The poem then describes how the pixies spent their time in Ottery:

Then with quaint music hymn the parting gleam
By lonely Otter's sleep-persuading stream;
Or where his wave with loud unquiet song
Dash'd o'er the rocky channel froths along;
Or where, his silver waters smooth'd to rest,
The tall tree's shadow sleeps upon his breast.

— lines 67–72

==Themes==
The poem borrows from many other poems. In particular, Coleridge included lines connected to A Midsummer Night's Dream, the works of John Milton, Collins, Bowles, Alexander Pope's translation of the Iliad, and Gray's elegies among others. Coleridge's Songs of the Pixies is unique to his poems in that he focuses on fairies in a manner similar to Milton's Comus and images found within Milton's Allegro and Il Penseroso. In the poem, Coleridge is self-described as a bard in regard to his poetic status. After Coleridge met William Wordsworth, he began to praise his fellow poet and assigned the title bard to his new friend. He was to also change from describing himself in the poem to being crowned with laurels to crowning others with laurels in his later poetry.

==Critical response==
A 1796 review within the Analytical Review reviewed Coleridge's collection of poems and stated "The general character of the composition is rather that of splendour than of simplicity; and the reader is left more strongly impressed with an idea of the strength of the writer's genius, than of the correctness of his taste. As a pleasing example of Mr. C.'s inventive powers, we shall quote two or three stanzas from a piece which he entitles, 'Songs of the Pixies'". A review by John Aikin in the Monthly Review in 1796 was to say only that "The next piece of moderate length is entitled 'Songs of the Pixies': which are, it seems, in the rustic superstition of Devonshire, a kind of fairies, harmless or friendly to man. Ariel, Oberon, and the Sylphs, have contributed to form the pleasing imagery of which the two following stanzas will give a specimen".

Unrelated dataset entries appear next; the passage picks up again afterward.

Lemma abse_subDr_le (a b c : \bar R) (e : R) : c \is a fin_num ->
  0 <= a <= e%:E -> 0 <= b <= e%:E -> `|(a + c) - (b + c)| <= e%:E.
Proof.
move=> cfin /andP[a0 ae] /andP[b0 be].
have afin : a \is a fin_num by rewrite ge0_fin_numE // (le_lt_trans ae) ?ltry.
have bfin : b \is a fin_num by rewrite ge0_fin_numE // (le_lt_trans be) ?ltry.
move: a0 ae b0 be; rewrite -(fineK afin) -(fineK bfin) -(fineK cfin) !lee_fin.
by move=> *; rewrite ler_norml; apply/andP; split; lra.
Qed.

Lemma integral_sqr_fin_num (D : set T) (F : T -> R) (C : R) :
  measurable D -> measurable_fun D F -> (forall w, D w -> `|F w| <= C)%R ->
  \int[P]_(w in D) ((F w) ^+ 2)%:E \is a fin_num.
Proof.
move=> mD mF FC; rewrite ge0_fin_numE ?integral_ge0 // => [|w _]; last first.
  by rewrite lee_fin sqr_ge0.
apply: (@le_lt_trans _ _ (\int[P]_(w in D) (cst (C ^+ 2)%:E) w)).
  apply: ge0_le_integral => // [w _||w /FC /sqr_le_of_norm_le]; rewrite ?lee_fin ?sqr_ge0 //.
  by apply/measurable_EFinP; exact: measurable_funX.
rewrite integral_cst // lte_mul_pinfty ?lee_fin ?sqr_ge0 //.
by rewrite ltey_eq fin_num_measure.
Qed.

Lemma integral_truncation_diff_le (f g M : T -> R) (K C e : R) :
  measurable_fun setT f -> measurable_fun setT g -> measurable_fun setT M ->
  (forall w, M w <= K -> `|f w - g w| <= C)%R ->
  \int[P]_(w in [set w | (K < M w)%R]) ((f w) ^+ 2)%:E <= e%:E ->
  \int[P]_(w in [set w | (K < M w)%R]) ((f w - g w) ^+ 2)%:E <= e%:E ->
  `| \int[P]_w ((f w - (if M w <= K then g w else 0)) ^+ 2)%:E
     - \int[P]_w ((f w - g w) ^+ 2)%:E | <= e%:E.
Proof.
move=> mf mg mM fgC fe fge.
set E := [set w | (K < M w)%R].
have mE : measurable E by exact: measurable_lt_fun.
have mEc : measurable (~` E) by exact: measurableC.
have splitE (F : T -> R) : measurable_fun setT F ->
    \int[P]_w ((F w) ^+ 2)%:E =
    \int[P]_(w in E) ((F w) ^+ 2)%:E + \int[P]_(w in ~` E) ((F w) ^+ 2)%:E.
  move=> mF; rewrite -integral_setU ?setUv //; last exact/disj_setPCl.
  by apply/measurable_EFinP; exact: measurable_funX.
have mtrunc : measurable_fun setT (fun w => if M w <= K then g w else 0)%R.
  exact: measurable_fun_ifT (measurable_fun_ler mM (measurable_cst K)) mg _.
rewrite (splitE _ (measurable_funB mf mtrunc)) (splitE _ (measurable_funB mf mg)).
have onE : \int[P]_(w in E) ((f w - (if M w <= K then g w else 0)) ^+ 2)%:E =
    \int[P]_(w in E) ((f w) ^+ 2)%:E.
  by apply: eq_integral => w /[!inE] /= Kw; rewrite leNgt Kw subr0.
have offE : \int[P]_(w in ~` E) ((f w - (if M w <= K then g w else 0)) ^+ 2)%:E =
    \int[P]_(w in ~` E) ((f w - g w) ^+ 2)%:E.
  by apply: eq_integral => w /[!inE] /negP; rewrite -leNgt => ->.
have sq0 (F : T -> R) w : 0 <= ((F w) ^+ 2)%:E by rewrite lee_fin sqr_ge0.
rewrite onE offE abse_subDr_le ?integral_ge0 ?fe ?fge //.
apply: (integral_sqr_fin_num _ _ C mEc).
  by apply: (measurable_funS measurableT) => //; exact: measurable_funB.
by move=> w /negP; rewrite -leNgt => /fgC.
Qed.

End truncation.

Section fixed_dimension.
Context {d} {T : measurableType d} {R : realType} (P : probability T R).
Variables (n L : nat) (X Y : T -> n.-tuple R) (phi : n.-tuple R -> R) (c1 c2 lam : R).
Hypotheses (n_gt0 : (0 < n)%N) (c1_gt0 : 0 < c1) (c2_ge0 : 0 <= c2)
  (lam_ge0 : 0 <= lam) (lam_le_L : lam <= L%:R).
Hypotheses (mX : measurable_fun setT X) (mY : measurable_fun setT Y)
  (mphi : measurable_fun setT phi).
Hypothesis Y_tail : forall (t : R) (i : 'I_n), 1 <= t ->
  (P [set w | (t <= `|tnth (Y w) i|)%R] <= (2 * expR (- (c1 * (ln t) ^+ 2)))%:E)%E.
Hypothesis phi_growth : forall y, `|phi y| <= c2 * (1 + norm2 y `^ lam).

Lemma phi_growth_norminf y : `|phi y| <= c2 * (1 + n%:R ^+ L * norminf y `^ lam).
Proof.
apply: le_trans (phi_growth y) _; rewrite ler_wpM2l // lerD2l.
have M0 := norminf_ge0 y.
apply: le_trans (_ : _ <= (Num.sqrt n%:R * norminf y) `^ lam) _.
  by apply: ge0_ler_powR; rewrite ?nnegrE ?mulr_ge0 ?sqrtr_ge0 ?norm2_le_norminf.
rewrite powRM ?sqrtr_ge0 // ler_wpM2r ?powR_ge0 //.
by apply: sqrt_powR_le_expn; rewrite ?ler1n.
Qed.

Lemma norminf_Y_tail x : 1 <= x ->
  (P [set w | (x < norminf (Y w))%R] <= (n%:R * (2 * expR (- (c1 * ln x ^+ 2))))%:E)%E.
Proof.
move=> x1; rewrite EFinM; apply: norminf_tail_le => //; first lra.
by move=> i; exact: Y_tail.
Qed.

Lemma shell_term_le (B K e : R) k : 1 <= K -> (2 * lam + 1) / c1 <= ln K ->
  4 * (B * 2 `^ lam) ^+ 2 * n%:R ^+ (2 * L + 1) <= e * K ->
  (B * n%:R ^+ L * (2 ^+ k.+1 * K) `^ lam) ^+ 2 *
    (n%:R * (2 * expR (- (c1 * ln (2 ^+ k * K) ^+ 2)))) <= e / (2 ^ k.+1)%:R.
Proof.
move=> K1 lnK BeK; set x := 2 ^+ k * K; set C := (B * 2 `^ lam) ^+ 2 * n%:R ^+ (2 * L + 1).
have p1 : 1 <= 2 ^+ k :> R by rewrite exprn_ege1 // ler1n.
have x1 : 1 <= x by rewrite /x; nra.
have lnx : 2 * lam + 1 <= c1 * ln x.
  rewrite [c1 * _]mulrC -ler_pdivrMr //; apply: le_trans lnK _.
  by rewrite ler_ln ?posrE /x; nra.
have C0 : 0 <= C by rewrite mulr_ge0 ?sqr_ge0 ?exprn_ge0.
have -> : 2 ^+ k.+1 * K = 2 * x by rewrite exprS mulrA.
rewrite powRM //; last lra.
have -> : (B * n%:R ^+ L * (2 `^ lam * x `^ lam)) ^+ 2 *
    (n%:R * (2 * expR (- (c1 * ln x ^+ 2)))) =
    2 * C * ((x `^ lam) ^+ 2 * expR (- (c1 * ln x ^+ 2))).
  by rewrite /C mulnC exprD exprM expr1; ring.
apply: le_trans (ler_wpM2l _ (powR_sqr_expR_lnsqr_le _ _ _ x1 lnx)) _; first nra.
have -> : 2 * C * x^-1 = (4 * C / K) / (2 ^ k.+1)%:R.
  by rewrite natrX exprS /x; field; rewrite !gt_eqF ?exprn_gt0 //; lra.
by rewrite ler_wpM2r ?invr_ge0 ?ler0n // ler_pdivrMr ?(lt_le_trans ltr01 K1) // /C mulrA.
Qed.

Lemma integral_tail_sqr_le (F : T -> R) (B K e : R) :
  measurable_fun setT F -> 0 <= B -> 1 <= K -> 0 < e ->
  (2 * lam + 1) / c1 <= ln K ->
  4 * (B * 2 `^ lam) ^+ 2 * n%:R ^+ (2 * L + 1) <= e * K ->
  (forall w, K < norminf (Y w) -> `|F w| <= B * n%:R ^+ L * norminf (Y w) `^ lam) ->
  (\int[P]_(w in [set w | (K < norminf (Y w))%R]) ((F w) ^+ 2)%:E <= e%:E)%E.
Proof.
move=> mF B0 K1 e0 lnK BeK FB; have K0 : 0 < K by lra.
pose h m := (B * n%:R ^+ L * m `^ lam) ^+ 2.
apply: le_trans (integral_dyadic_shells_le P (fun w => norminf (Y w)) K h _
  (measurable_norminf _ _ mY) K0 _ _ _ _) _.
- by move=> x _; exact: sqr_ge0.
- move=> x y Kx xy; rewrite ler_sqr ?nnegrE ?mulr_ge0 ?exprn_ge0 ?powR_ge0 //.
  by rewrite ler_wpM2l ?mulr_ge0 ?exprn_ge0 // ge0_ler_powR ?nnegrE //; lra.
- by apply: (measurable_funS measurableT) => //; exact/measurable_EFinP/measurable_funX.
- by move=> w /FB/sqr_le_of_norm_le; rewrite !lee_fin sqr_ge0.
apply: le_trans (epsilon_trick0 xpredT (ltW e0)).
apply: lee_nneseries => [k _ _|k _]; first by rewrite mule_ge0 ?lee_fin ?sqr_ge0.
apply: le_trans (lee_wpmul2l _ (norminf_Y_tail _ _)) _; rewrite ?lee_fin ?sqr_ge0 //.
  by rewrite mulr_ege1 // exprn_ege1 // ler1n.
exact: shell_term_le.
Qed.

Lemma risk_truncation_le (f : n.-tuple R -> R) (D K e : R) :
  measurable_fun setT f -> 0 <= D -> (forall x, `|f x| <= D) -> 1 <= K -> 0 < e ->
  (2 * lam + 1) / c1 <= ln K ->
  4 * ((D + 2 * c2) * 2 `^ lam) ^+ 2 * n%:R ^+ (2 * L + 1) <= e * K ->
  (`| risk P X Y f (truncphi K phi) - risk P X Y f phi | <= e%:E)%E.
Proof.
move=> mf D0 fD K1 e0 lnK BeK.
have B0 : 0 <= D + 2 * c2 by have := c2_ge0; lra.
have dom w : K < norminf (Y w) ->
    `|f (X w)| <= (D + 2 * c2) * n%:R ^+ L * norminf (Y w) `^ lam /\
    `|f (X w) - phi (Y w)| <= (D + 2 * c2) * n%:R ^+ L * norminf (Y w) `^ lam.
  move=> KM; rewrite -mulrA; apply: growth_bound_le => //; last first.
    exact: phi_growth_norminf.
  by rewrite mulr_ege1 ?exprn_ege1 ?ler1n // -(powRr0 (norminf (Y w))) ler_powR //; lra.
have mfX : measurable_fun setT (fun w => f (X w)) by exact: measurableT_comp.
have mgY : measurable_fun setT (fun w => phi (Y w)) by exact: measurableT_comp.
rewrite /risk /truncphi.
apply: (integral_truncation_diff_le _ _ _ _ _ (D + c2 * (1 + n%:R ^+ L * K `^ lam))) => //.
- exact: measurable_norminf.
- move=> w MK; apply: le_trans (ler_normB _ _) _; rewrite lerD //.
  apply: le_trans (phi_growth_norminf _) _; rewrite ler_wpM2l // lerD2l ler_wpM2l ?exprn_ge0 //.
  by rewrite ge0_ler_powR ?nnegrE ?norminf_ge0 //; lra.
- by apply: (integral_tail_sqr_le _ (D + 2 * c2)) => // w /dom[].
- apply: (integral_tail_sqr_le _ (D + 2 * c2)) => //; last by move=> w /dom[].
  exact: measurable_funB.
Qed.

End fixed_dimension.

Section threshold.
Context {R : realType}.

(* Coefficients of the polynomial h_1(x, y, z) = K0 + C x y^(2L+1) z^2. *)
Definition threshold_coef (K0 C : R) (L i j k : nat) : R :=
  if (i, j, k) == (0, 0, 0)%N then K0
  else if (i, j, k) == (1, 2 * L + 1, 2)%N then C else 0.

Lemma threshold_poly_ge (K0 C x y z : R) L : 0 <= K0 -> 0 <= C ->
  0 <= x -> 0 <= y -> 0 <= z ->
  K0 <= poly3 (2 * L + 3) (threshold_coef K0 C L) x y z /\
  C * x * y ^+ (2 * L + 1) * z ^+ 2 <= poly3 (2 * L + 3) (threshold_coef K0 C L) x y z.
Proof.
move=> K00 C0 x0 y0 z0.
have c0 i j k : 0 <= threshold_coef K0 C L i j k.
  by rewrite /threshold_coef; case: ifP => // _; case: ifP.
split.
  have := poly3_ge_monomial _ _ _ _ _ 0 0 0 _ _ _ c0 x0 y0 z0.
  by rewrite /threshold_coef eqxx !expr0 !mulr1; apply; rewrite addn3.
have := poly3_ge_monomial _ _ _ _ _ 1 (2 * L + 1) 2 _ _ _ c0 x0 y0 z0.
rewrite /threshold_coef /= eqxx expr1; apply; rewrite ?addn3 //.
by rewrite addn1 ltnS leqnSn.
Qed.

Lemma threshold_monomial_le (c s D e p K : R) :
  0 <= c -> 0 <= s -> 1 <= D -> 0 < e -> 0 <= p ->
  4 * ((1 + 2 * c) * s) ^+ 2 * e^-1 * p * D ^+ 2 <= K ->
  4 * ((D + 2 * c) * s) ^+ 2 * p <= e * K.
Proof.
move=> c0 s0 D1 e0 p0 hK; apply: le_trans (ler_wpM2l (ltW e0) hK).
have -> : e * (4 * ((1 + 2 * c) * s) ^+ 2 * e^-1 * p * D ^+ 2) =
    4 * ((1 + 2 * c) * D * s) ^+ 2 * p by field; rewrite gt_eqF.
rewrite ler_wpM2r // ler_wpM2l //.
have cs0 := mulr_ge0 c0 s0.
by apply: sqr_le_of_norm_le; rewrite ger0_norm; nra.
Qed.

End threshold.

Theorem proposition3p6 (R : realType) (u v : R) (huv : u < v)
  (dOm : nat -> measure_display) (Om : forall n : nat, measurableType (dOm n))
  (P : forall n : nat, probability (Om n) R)
  (X Y : forall n : nat, Om n -> n.-tuple R)
  (phi : forall n : nat, n.-tuple R -> R)
  (c1 c2 lam : R) :
  (forall n, uniform_cube huv (P n) (X n)) ->
  (forall n, measurable_fun setT (Y n)) ->
  (forall n, measurable_fun setT (phi n)) ->
  (* condition (i) *)
  0 < c1 ->
  (forall (n : nat) (t : R) (i : 'I_n), 1 <= t ->
     (P n [set w | (t <= `|tnth (Y n w) i|)%R] <= (2 * expR (- (c1 * (ln t) ^+ 2)))%R%:E)%E) ->
  (* condition (ii) *)
  0 < c2 -> 2 <= lam ->
  (forall (n : nat) (y : n.-tuple R), `|phi n y| <= c2 * (1 + norm2 y `^ lam)) ->
  exists (N : nat) (c : nat -> nat -> nat -> R),
    forall (n : nat), (1 <= n)%N ->
    forall (a : seq nat), arch n a ->
    forall (Rb : R), 0 < Rb ->
    forall (K D : R), 1 <= K -> 1 <= D ->
    forall (eps : R), 0 < eps < 1 ->
    poly3 N c eps^-1 n%:R D <= K ->
    forall (A : nat -> nat -> nat -> R) (b : nat -> nat -> R), param_bound a Rb A b ->
      (`| risk (P n) (X n) (Y n) (@clipped_net R a A b D n) (truncphi K (phi n))
          - risk (P n) (X n) (Y n) (@clipped_net R a A b D n) (phi n) | <= eps%:E)%E.
Proof.
move=> unifX mY mphi c1_gt0 Y_tail c2_gt0 lam_ge2 phi_growth.
have lam_ge0 : 0 <= lam by lra.
pose L := Num.bound lam; have lam_le_L : lam <= L%:R by exact/ltW/archi_boundP.
pose K0 := expR ((2 * lam + 1) / c1); pose C := 4 * ((1 + 2 * c2) * 2 `^ lam) ^+ 2.
exists (2 * L + 3)%N, (threshold_coef K0 C L).
(* The network only enters through measurability and |Clip_D o Phi| <= D. *)
move=> n n1 a _ Rb _ K D K1 D1 e /andP[e0 _] hK A b _.
have D0 : 0 <= D by lra.
have einv_ge0 : 0 <= e^-1 by rewrite invr_ge0 ltW.
have [K0K CK] := threshold_poly_ge K0 C _ _ _ L (expR_ge0 _)
  (mulr_ge0 (ler0n _ 4) (sqr_ge0 _)) einv_ge0 (ler0n _ n) D0.
apply: (risk_truncation_le (P n) n L (X n) (Y n) (phi n) c1 c2 lam n1 c1_gt0 _ lam_ge0
  lam_le_L _ (mY n) (mphi n) (Y_tail n) (phi_growth n) _ D K e) => //.
- exact: ltW.
- by case: (unifX n).
- exact: measurable_clipped_net.
- by move=> x; exact: norm_clip_le.
- by rewrite -[leLHS]expRK ler_ln ?posrE ?expR_gt0 //; [exact: le_trans K0K hK | lra].
- apply: threshold_monomial_le; rewrite ?powR_ge0 ?exprn_ge0 //; first lra.
  exact: le_trans CK hK.
Qed.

During the 19th-century, Alois Brandl pointed out that, in regard to the similarities to Milton's poetry, "All these coincidences taken separately prove but little, but considered together they are highly characteristic of Coleridge's method of study". Near the end of the century, H. D. Traill wrote:
It is only in the region of the fantastic and supernatural that Coleridge's imagination, as he was destined to show by a far more splendid example two years afterwards, seems to acquire true poetic distinction. It is in the Songs of the Pixies that the young man 'heaves the gentle misery of a sigh,' and the sympathetic interest of the reader of today is chilled by the too frequent intrusion of certain abstract ladies [...] one cannot but feel that the Songs of the Pixies was the offspring not of a mere abundant and picturesque vocabular but of a true poetic fancy. It is worth far more as an earnest of future achievement than the very unequal Monody on the Death of Chatterton [...] and certainly than anything which could be quoted from the Effusions

At the beginning of the 20th-century, Arthur Salmon argued that "Among his earlier poems there is a 'Song of the Pixies,' which proves that he had not forgotten native superstitions, but there is little of the true Devonshire spirit in this rather stilted ode." In 1975 when describing Coleridge's Poems on Various Subjects (1796), Samuel Chew and Richard Altick wrote, "One or two small poems, such as the Song of the Pixies, show a timid venturing into the realms of the glamorous where Coleridge was soon to be at home." At the end of the 20th-century, Rosemary Ashton believes, in regard to Song of the Pixies, that the "high point is in the fourth stanza" and "Though not good, the verse is interesting for more than one reason. First it acknowledges that for this young poet success in poetry is yet to come [...] Moreover, Coleridge shows signs of learning to control the strong rhythms and irregular line length of the ode form."